OPORA fully upholds the position of the Commissioner of the Verkhovna Rada of Ukraine on Human Rights not to support the draft law on the postponement of consideration of requests and enquiries during the quarantine, since the proposed provisions of the draft law largely restrict an individual’s right to information and requests secured by Article 10 of the Convention on the Protection of Human Rights and Fundamental Freedoms.
It shall be noted that in addition to the generally recognized right to information, the draft law provisions restrict professional rights of lawyers to exercise their legal activities through receiving information to their lawyer’s enquiry. Restriction of the lawyer’s right to submit the lawyer’s enquiry affects the exercise of the right to legal assistance and the right to protection. With the lawyers disempowered to promptly receive information necessary to collect evidence in the court to defend the defendant, or to represent the client’s interests in court, an individuals’ right to professional legal assistance and efficient judicial protection is restricted.
We hereby emphasize that pursuant to Article 15 of the Convention on Human Rights, in time of war or other public emergency threatening the life of nation, any High Contracting Party may take measures derogating from its obligations under this Convention.
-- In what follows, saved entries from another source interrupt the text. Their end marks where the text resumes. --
Arguments delta_ffun {K I}.
Arguments diag_ffun {K I}.

HB.instance Definition _ (K : fieldType) (I : finType) (d : I -> K) :=
  GRing.isLinear.Build K {ffun I -> K^o}
  {ffun I -> K^o} _ (diag_ffun d) (@diag_ffun_is_linear K I d).

Section DiagonalFixedSpace.
Variables (K : fieldType) (I H : finType) (c : H -> I -> K).
Local Notation V := {ffun I -> K^o}.

Definition diag_fixed_space : {vspace V} :=
  (\bigcap_h lker (linfun (diag_ffun (c h)) - \1)%VF)%VS.

Definition fixed_coord : {pred I} := [pred t | [forall h, c h t == 1]].

Lemma diag_fixedP h (v : V) :
  reflect (forall t, c h t * v t = v t) (v \in lker (linfun (diag_ffun (c h)) - \1)%VF).
Proof.
rewrite memv_ker add_lfunE opp_lfunE id_lfunE lfunE subr_eq0.
apply: (iffP eqP) => [/ffunP fix_v t | fix_v].
  by rewrite -[in RHS]fix_v diag_ffunE.
by apply/ffunP => t; rewrite diag_ffunE.
Qed.

Lemma mem_diag_fixed_space (v : V) :
  (v \in diag_fixed_space) = [forall t, (t \notin fixed_coord) ==> (v t == 0)].
Proof.
rewrite memvE; apply/subv_bigcapP/forallP => [fix_v t | supp_v h _]; rewrite -?memvE.
  apply/implyP => /forallPn[h c_ht]; have /diag_fixedP/(_ t) := fix_v h isT.
  move=> fix_t; apply: contraNT c_ht => vt_neq0.
  by apply/eqP; apply: (@mulIf K (v t)); rewrite ?mul1r.
apply/diag_fixedP => t; have [/forallP/(_ h)/eqP-> | t_nfix] := boolP (t \in fixed_coord).
  exact: mul1r.
by move/implyP: (supp_v t) => /(_ t_nfix)/eqP->; rewrite mulr0.
Qed.

Lemma diag_fixed_spaceE :
  diag_fixed_space = <<[seq delta_ffun t | t <- enum fixed_coord]>>%VS.
Proof.
apply/eqP; rewrite eqEsubv; apply/andP; split.
  apply/subvP => v; rewrite mem_diag_fixed_space => /forallP supp_v.
  rewrite (@ffun_delta_sum _ _ fixed_coord v) => [|t t_nfix]; last first.
    by apply/eqP; move/implyP: (supp_v t); apply.
  apply: memv_suml => t t_fix; apply/memvZ/memv_span.
  by apply: map_f; rewrite mem_enum.
apply/span_subvP => x /mapP[t]; rewrite mem_enum => t_fix ->.
rewrite mem_diag_fixed_space; apply/forallP => s; apply/implyP => s_nfix.
by rewrite delta_ffunE (_ : (s == t) = false) //; apply: contraNF s_nfix => /eqP->.
Qed.

End DiagonalFixedSpace.

Arguments diag_fixed_space {K I H}.
Arguments fixed_coord {K I H}.

Section UpperResidue.
Local Open Scope nat_scope.
Variable n : nat.
Hypothesis n_gt1 : 1 < n.

Lemma uu_mod i : uu n i = i %[mod n].
Proof. by rewrite /uu modnDml subnK ?modnDr //; lia. Qed.

Lemma uu_bounds i : 2 <= uu n i <= n.+1.
Proof. by rewrite /uu; have := ltn_pmod (i + n - 2) (ltnW n_gt1); lia. Qed.

Lemma modn_neq1 x : 2 <= x <= n -> x %% n != 1.
Proof.
case/andP=> x_ge2; rewrite leq_eqVlt => /predU1P[->|x_lt_n]; first by rewrite modnn.
by rewrite modn_small //; lia.
Qed.

Lemma leq_uu i : (uu n i <= n) = (i %% n != 1).
Proof.
rewrite -uu_mod; have /andP[u_ge2 u_le] := uu_bounds i; set u := uu n i in u_ge2 u_le *.
have [u_le_n | u_gt_n] := leqP u n; first by rewrite modn_neq1 ?u_ge2.
have -> : u = 1 + n by lia.
by rewrite modnDr modn_small.
Qed.

Lemma uu_mod_eq i x : 2 <= x <= n -> i = x %[mod n] -> uu n i = x.
Proof.
move=> /andP[x_ge2 x_le_n] i_x.
have u_le_n : uu n i <= n by rewrite leq_uu i_x modn_neq1 ?x_ge2.
have /andP[u_ge2 _] := uu_bounds i.
have : (uu n i).-1 = x.-1 %[mod n].
  by apply/eqP; rewrite -(eqn_modDr 1) !addn1 !prednK ?uu_mod ?i_x //; lia.
by rewrite !modn_small; lia.
Qed.
End UpperResidue.

Lemma good_modn p q i : (1 < p)%N -> (1 < q)%N ->
  good p q i = (i %% p != 1)%N && (i %% q != 1)%N.
Proof.
move=> p_gt1 q_gt1; rewrite /good -!eqz_mod_dvd !modz_nat !eqz_nat.
by rewrite !(modn_small (_ : 1 < _)%N).
Qed.

Lemma dvdn_small d m : (m < d)%N -> (d %| m)%N = (m == 0)%N.
Proof. by move=> lt_m_d; rewrite /dvdn modn_small. Qed.

Section FermatTwo.
Variables p q : nat.
Hypotheses (p_gt1 : (1 < p)%N) (q_gt1 : (1 < q)%N) (co_pq : coprime p q).
Let p_gt0 : (0 < p)%N := ltnW p_gt1.
Let q_gt0 : (0 < q)%N := ltnW q_gt1.
Let pq_gt0 : (0 < p * q)%N. Proof. by rewrite muln_gt0 p_gt0. Qed.
Let p_dvd_pq : (p %| p * q)%N := dvdn_mulr q (dvdnn p).
Let q_dvd_pq : (q %| p * q)%N := dvdn_mull p (dvdnn q).

Lemma gjinv_modn d k : (d %| p * q)%N -> (gjinv p q k).+1 = k %[mod d].
Proof.
move=> d_pq; rewrite /gjinv -addn1 -modnDml (modn_dvdm _ d_pq) modnDml addn1.
by rewrite prednK ?addn_gt0 ?pq_gt0 ?orbT // -modnDmr (eqP d_pq) addn0.
Qed.

Lemma dvdn_gjinv d k : (1 < d)%N -> (d %| p * q)%N ->
  (d %| gjinv p q k)%N = (k %% d == 1)%N.
Proof.
move=> d_gt1 d_pq; rewrite -(gjinv_modn _ _ d_pq) /dvdn -addn1.
by rewrite -{2}(modn_small d_gt1) -{2}[1%N]add0n eqn_modDr mod0n.
Qed.

Lemma gjinv_modn_uu d k : (1 < d)%N -> (d %| p * q)%N -> (k %% d != 1)%N ->
  (gjinv p q k %% d = (uu d k).-1)%N.
Proof.
move=> d_gt1 d_pq kd.
have r_gt0 : (0 < gjinv p q k %% d)%N.
  by rewrite lt0n -/(dvdn _ _) dvdn_gjinv.
rewrite (@uu_mod_eq _ d_gt1 _ (gjinv p q k %% d).+1) //.
  by rewrite ltnS r_gt0 ltn_pmod // ltnW.
by rewrite -addn1 modnDml addn1 gjinv_modn.
Qed.

Lemma fixedbE k i : fixedb p q k i = (ex p q i %| k)%N.
Proof.
rewrite /fixedb /nu mulf_eq0 invr_eq0 !pnatr_eq0 /ex.
by case: ifP => _; rewrite ?(gtn_eqF p_gt0) ?(gtn_eqF q_gt0) orbF.
Qed.

Lemma rhoE m i : rho p q m i i = zeta (ex p q i) ^+ m.
Proof. by rewrite mxE eqxx mulr1n mxE. Qed.

Lemma det_rho_neq0 m : \det (rho p q m) != 0.
Proof.
rewrite det_diag; apply/prodf_neq0 => i _; rewrite mxE expf_neq0 //.
by apply: zeta_neq0; rewrite /ex; case: ifP.
Qed.

Definition dual_sector (t : dual_idx p q) : nat := gjinv p q (dsector p q t).

Definition dual_coef (h : 'I_(p * q)) (t : dual_idx p q) : algC :=
  let sigma := fun _ => false in
  chi p q sigma h * phi_coef p q sigma h (gjinvG p q (val t).1) (da p q t) (db p q t).

Lemma dual_coefE h t : dual_coef h t =
  zeta p ^+ (h * ((p %| dual_sector t) + da p q t)) *
  zeta q ^+ (h * ((q %| dual_sector t) + db p q t)).
Proof.
have sec : val (gjinvG p q (val t).1) = dual_sector t.
  by rewrite /gjinvG; case: ltnP => // pq_le0; move: pq_gt0; rewrite ltnNge pq_le0.
rewrite /dual_coef /chi /phi_coef /= !expr0 !mul1r -!mulrA mulVKf ?det_rho_neq0 //.
rewrite /detFix big_mkcond !big_ord_recl big_ord0 /= mulr1 !fixedbE sec /monact !rhoE /ex /=.
rewrite !mulnDr !exprD !exprM.
by case: (p %| _)%N; case: (q %| _)%N; rewrite ?expr1 ?expr0 /=; ring.
Qed.

Lemma mon_ok_dual t :
  ((p %| dual_sector t) + da p q t < p)%N && ((q %| dual_sector t) + db p q t < q)%N.
Proof.
have /andP[a_ok b_ok] := valP t; rewrite !fixedbE in a_ok b_ok.
by apply/andP; split; [move: a_ok | move: b_ok]; rewrite /ex /da /db /=;
  case: (_ %| _)%N => /=; lia.
Qed.

Lemma good_dual_sector t :
  good p q (dsector p q t) = ~~ (p %| dual_sector t)%N && ~~ (q %| dual_sector t)%N.
Proof. by rewrite good_modn // !dvdn_gjinv. Qed.

Lemma fixed_coord_dual : fixed_coord dual_coef =i [pred t | one_good p q t].
Proof.
move=> t; rewrite !inE /one_good good_dual_sector.
apply/forallP/idP => [fix_t | /and3P[/andP[/negPf-p_k /negPf-q_k] /eqP-a0 /eqP-b0] h].
  have pq_gt1 : (1 < p * q)%N by rewrite -[1%N]muln1 ltn_mul.
  have := fix_t (Ordinal pq_gt1); rewrite dual_coefE !mul1n zeta_coprime_expr_eq1 //.
  have /andP[lt_p lt_q] := mon_ok_dual t.
  rewrite (dvdn_small _ _ lt_p) (dvdn_small _ _ lt_q) !addn_eq0 !eqb0.
  by case/andP=> /andP[-> ->] /andP[-> ->].
by rewrite dual_coefE p_k q_k a0 b0 !muln0 !expr0 mulr1.
Qed.

Lemma good_uu_vv i : good p q i ->
  [/\ (2 <= uu p i <= p)%N, uu p i = i %[mod p],
      (2 <= vv q i <= q)%N & vv q i = i %[mod q]].
Proof.
rewrite good_modn // -(leq_uu _ p_gt1) -(leq_uu _ q_gt1) => /andP[u_le v_le].
have /andP[u_ge2 _] := uu_bounds _ p_gt1 i; have /andP[v_ge2 _] := uu_bounds _ q_gt1 i.
by rewrite u_ge2 u_le v_ge2 v_le !uu_mod.
Qed.

Lemma good_mon_ok i : good p q i -> mon_ok p q 0 (p - uu p i) (q - vv q i).
Proof.
case/good_uu_vv=> /andP[u_ge2 _] _ /andP[v_ge2 _] _.
by rewrite /mon_ok !fixedbE !dvdn0; apply/andP; split; lia.
Qed.

Definition crt_split (i : 'I_(p * q)) : 'I_p * 'I_q :=
  (Ordinal (ltn_pmod i p_gt0), Ordinal (ltn_pmod i q_gt0)).

Lemma crt_split_inj : injective crt_split.
Proof.
move=> i j /(congr1 (fun x : 'I_p * 'I_q => (val x.1, val x.2))) [ij_p ij_q].
apply/ord_inj/eqP; rewrite -(modn_small (ltn_ord i)) -(modn_small (ltn_ord j)).
by rewrite chinese_remainder // ij_p ij_q !eqxx.
Qed.

Lemma crt_split_bij : bijective crt_split.
Proof. by apply: (inj_card_bij crt_split_inj); rewrite card_prod !card_ord. Qed.

Lemma card_good : #|[set i : 'I_(p * q) | good p q i]| = ((p - 1) * (q - 1))%N.
Proof.
have -> : [set i : 'I_(p * q) | good p q i] =
    crt_split @^-1: setX [set~ Ordinal p_gt1] [set~ Ordinal q_gt1].
  by apply/setP => i; rewrite !inE good_modn // -!(inj_eq val_inj).
rewrite on_card_preimset; last exact/onW_bij/crt_split_bij.
by rewrite cardsX !cardsC1 !card_ord !subn1.
Qed.

Lemma good_mon_inj : {in [pred i : 'I_(p * q) | good p q i] &,
  injective (fun i : 'I_(p * q) => (p - uu p i, q - vv q i)%N)}.
Proof.
move=> i j /good_uu_vv[/andP[_ ui_le] ui_mod /andP[_ vi_le] vi_mod].
move=> /good_uu_vv[/andP[_ uj_le] uj_mod /andP[_ vj_le] vj_mod] [uij vij].
apply: crt_split_inj; congr pair; apply: val_inj => /=.
  by rewrite -ui_mod -uj_mod -(subKn ui_le) uij subKn.
by rewrite -vi_mod -vj_mod -(subKn vi_le) vij subKn.
Qed.

Lemma good_mon_onto a b : mon_ok p q 0 a b ->
  exists2 i : 'I_(p * q), good p q i & (p - uu p i, q - vv q i)%N = (a, b).
Proof.
rewrite /mon_ok !fixedbE !dvdn0 /= => /andP[a_lt b_lt].
have /andP[pa_ge2 pa_le] : (2 <= p - a <= p)%N by lia.
have /andP[qb_ge2 qb_le] : (2 <= q - b <= q)%N by lia.
have [a_le b_le] : (a <= p)%N /\ (b <= q)%N by lia.
have [crt_inv _ crt_invK] := crt_split_bij.
set x := (Ordinal (ltn_pmod (p - a) p_gt0), Ordinal (ltn_pmod (q - b) q_gt0)).
have /(congr1 (fun y : 'I_p * 'I_q => (val y.1, val y.2))) [i_p i_q] := crt_invK x.
have ui : uu p (crt_inv x) = (p - a)%N by apply: uu_mod_eq; rewrite ?pa_ge2.
have vi : vv q (crt_inv x) = (q - b)%N by apply: uu_mod_eq; rewrite ?qb_ge2.
exists (crt_inv x); last by rewrite ui vi !subKn.
by rewrite good_modn // -(leq_uu _ p_gt1) -(leq_uu _ q_gt1) ui [uu q _]vi pa_le qb_le.
Qed.

Lemma mon_ok0 k : mon_ok p q k 0 0.
Proof. by rewrite /mon_ok !ltn_predRL p_gt1 q_gt1 !if_same. Qed.

Definition check_one (i : 'I_(p * q)) : dual_idx p q :=
  exist _ (i, (Ordinal p_gt0, Ordinal q_gt0)) (mon_ok0 (gjinv p q i)).

Lemma check_one_inj : injective check_one.
Proof. by move=> i j /(congr1 (fun t : dual_idx p q => (val t).1)). Qed.

Lemma one_good_imset :
  [pred t | one_good p q t] =i check_one @: [set i : 'I_(p * q) | good p q i].
Proof.
move=> t; rewrite !inE; apply/idP/imsetP => [|[i]]; last first.
  by rewrite inE => good_i ->; rewrite /one_good /= good_i.
case/and3P=> good_t a0 b0; exists (val t).1; first by rewrite inE.
apply: val_inj; move: a0 b0; rewrite /da /db /=.
case: (val t) => i [a b] /= /eqP-a0 /eqP-b0.
by congr (_, (_, _)); apply: val_inj.
Qed.

Lemma card_one_good :
  #|[pred t : dual_idx p q | one_good p q t]| = ((p - 1) * (q - 1))%N.
Proof. by rewrite (eq_card one_good_imset) (card_imset _ check_one_inj) card_good. Qed.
It is occurring to the extent strictly required by the exigency of the situation, provided that such measures are not inconsistent with its other obligations under international law. Any High Contracting Party availing itself of this right of derogation shall keep the Secretary General of the Council of Europe informed of the measures which it has taken and the reasons therefor.
To date, Ukraine has not yet submitted to the Council of Europe any respective request for derogation (intention to defy the provisions of the Convention on Protection of Human Rights and Fundamental Freedoms). Therefore, the disempowerment on a legislative level contradicts the Convention and the practice of its application. In the future, it may lead to substantial economic losses due to satisfaction of complaints from citizens of Ukraine on infringement of rights during the special period.